WHAT IS EXPECTED —
Gather, from the data below, each line in which the word "andP" occurs.

(Saved data entries)
*** Block opens ***

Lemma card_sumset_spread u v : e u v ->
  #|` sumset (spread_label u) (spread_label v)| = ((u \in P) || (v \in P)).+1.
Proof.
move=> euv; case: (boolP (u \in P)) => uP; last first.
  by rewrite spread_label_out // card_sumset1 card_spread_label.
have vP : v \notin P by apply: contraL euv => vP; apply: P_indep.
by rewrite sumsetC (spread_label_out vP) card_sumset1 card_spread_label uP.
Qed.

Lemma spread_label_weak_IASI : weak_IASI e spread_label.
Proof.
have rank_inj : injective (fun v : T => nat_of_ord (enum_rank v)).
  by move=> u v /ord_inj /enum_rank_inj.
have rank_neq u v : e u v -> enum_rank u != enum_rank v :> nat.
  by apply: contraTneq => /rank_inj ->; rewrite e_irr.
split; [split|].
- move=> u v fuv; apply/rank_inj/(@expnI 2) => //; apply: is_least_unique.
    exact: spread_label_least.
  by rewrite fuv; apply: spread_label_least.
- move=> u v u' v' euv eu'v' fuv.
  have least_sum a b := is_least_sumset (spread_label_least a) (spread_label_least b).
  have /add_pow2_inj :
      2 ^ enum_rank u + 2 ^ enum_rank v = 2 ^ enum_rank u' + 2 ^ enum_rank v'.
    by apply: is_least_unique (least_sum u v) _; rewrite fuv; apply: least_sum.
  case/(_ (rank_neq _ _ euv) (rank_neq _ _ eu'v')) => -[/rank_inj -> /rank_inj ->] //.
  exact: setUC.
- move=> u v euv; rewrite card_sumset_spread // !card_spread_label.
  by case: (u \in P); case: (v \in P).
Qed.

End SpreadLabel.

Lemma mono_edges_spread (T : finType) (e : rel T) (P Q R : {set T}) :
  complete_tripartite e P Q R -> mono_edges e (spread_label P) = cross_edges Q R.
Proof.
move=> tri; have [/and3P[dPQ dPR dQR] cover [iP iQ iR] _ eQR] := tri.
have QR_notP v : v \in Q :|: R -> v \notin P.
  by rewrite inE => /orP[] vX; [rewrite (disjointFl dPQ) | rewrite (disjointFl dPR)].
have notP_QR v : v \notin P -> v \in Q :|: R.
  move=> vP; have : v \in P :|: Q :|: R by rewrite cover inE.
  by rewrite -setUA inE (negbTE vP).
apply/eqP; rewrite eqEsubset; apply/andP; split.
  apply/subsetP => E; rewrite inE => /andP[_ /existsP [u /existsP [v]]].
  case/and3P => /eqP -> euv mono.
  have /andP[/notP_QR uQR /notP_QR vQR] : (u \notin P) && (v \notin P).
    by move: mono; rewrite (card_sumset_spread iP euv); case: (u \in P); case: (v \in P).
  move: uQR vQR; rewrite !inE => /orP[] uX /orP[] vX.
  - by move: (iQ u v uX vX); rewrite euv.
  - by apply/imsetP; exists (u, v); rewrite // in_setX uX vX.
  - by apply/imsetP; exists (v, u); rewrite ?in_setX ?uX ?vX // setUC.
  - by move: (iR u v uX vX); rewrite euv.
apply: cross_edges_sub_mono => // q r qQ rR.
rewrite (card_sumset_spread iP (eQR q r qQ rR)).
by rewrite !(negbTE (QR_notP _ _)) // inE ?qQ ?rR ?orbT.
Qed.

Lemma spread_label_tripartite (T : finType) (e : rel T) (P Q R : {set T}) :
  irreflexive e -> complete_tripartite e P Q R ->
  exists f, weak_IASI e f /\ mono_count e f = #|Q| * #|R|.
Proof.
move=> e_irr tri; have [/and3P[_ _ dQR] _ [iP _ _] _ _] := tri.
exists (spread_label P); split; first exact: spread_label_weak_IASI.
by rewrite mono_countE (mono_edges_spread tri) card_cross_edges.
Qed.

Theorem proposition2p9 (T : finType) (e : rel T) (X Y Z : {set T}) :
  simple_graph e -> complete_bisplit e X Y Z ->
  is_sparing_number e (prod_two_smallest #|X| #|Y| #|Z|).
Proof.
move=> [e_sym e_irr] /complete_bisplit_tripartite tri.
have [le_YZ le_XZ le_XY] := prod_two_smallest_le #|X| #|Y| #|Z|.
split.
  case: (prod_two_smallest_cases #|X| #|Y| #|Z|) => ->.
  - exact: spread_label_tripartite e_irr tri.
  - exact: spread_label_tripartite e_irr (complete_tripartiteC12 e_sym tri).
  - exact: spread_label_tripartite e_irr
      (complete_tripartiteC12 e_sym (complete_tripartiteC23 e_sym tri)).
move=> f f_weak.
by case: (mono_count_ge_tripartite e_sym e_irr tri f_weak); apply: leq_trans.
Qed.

*** Block closes ***

ANSWER SECTION —
apply/eqP; rewrite eqEsubset; apply/andP; split.
  apply/subsetP => E; rewrite inE => /andP[_ /existsP [u /existsP [v]]].
  have /andP[/notP_QR uQR /notP_QR vQR] : (u \notin P) && (v \notin P).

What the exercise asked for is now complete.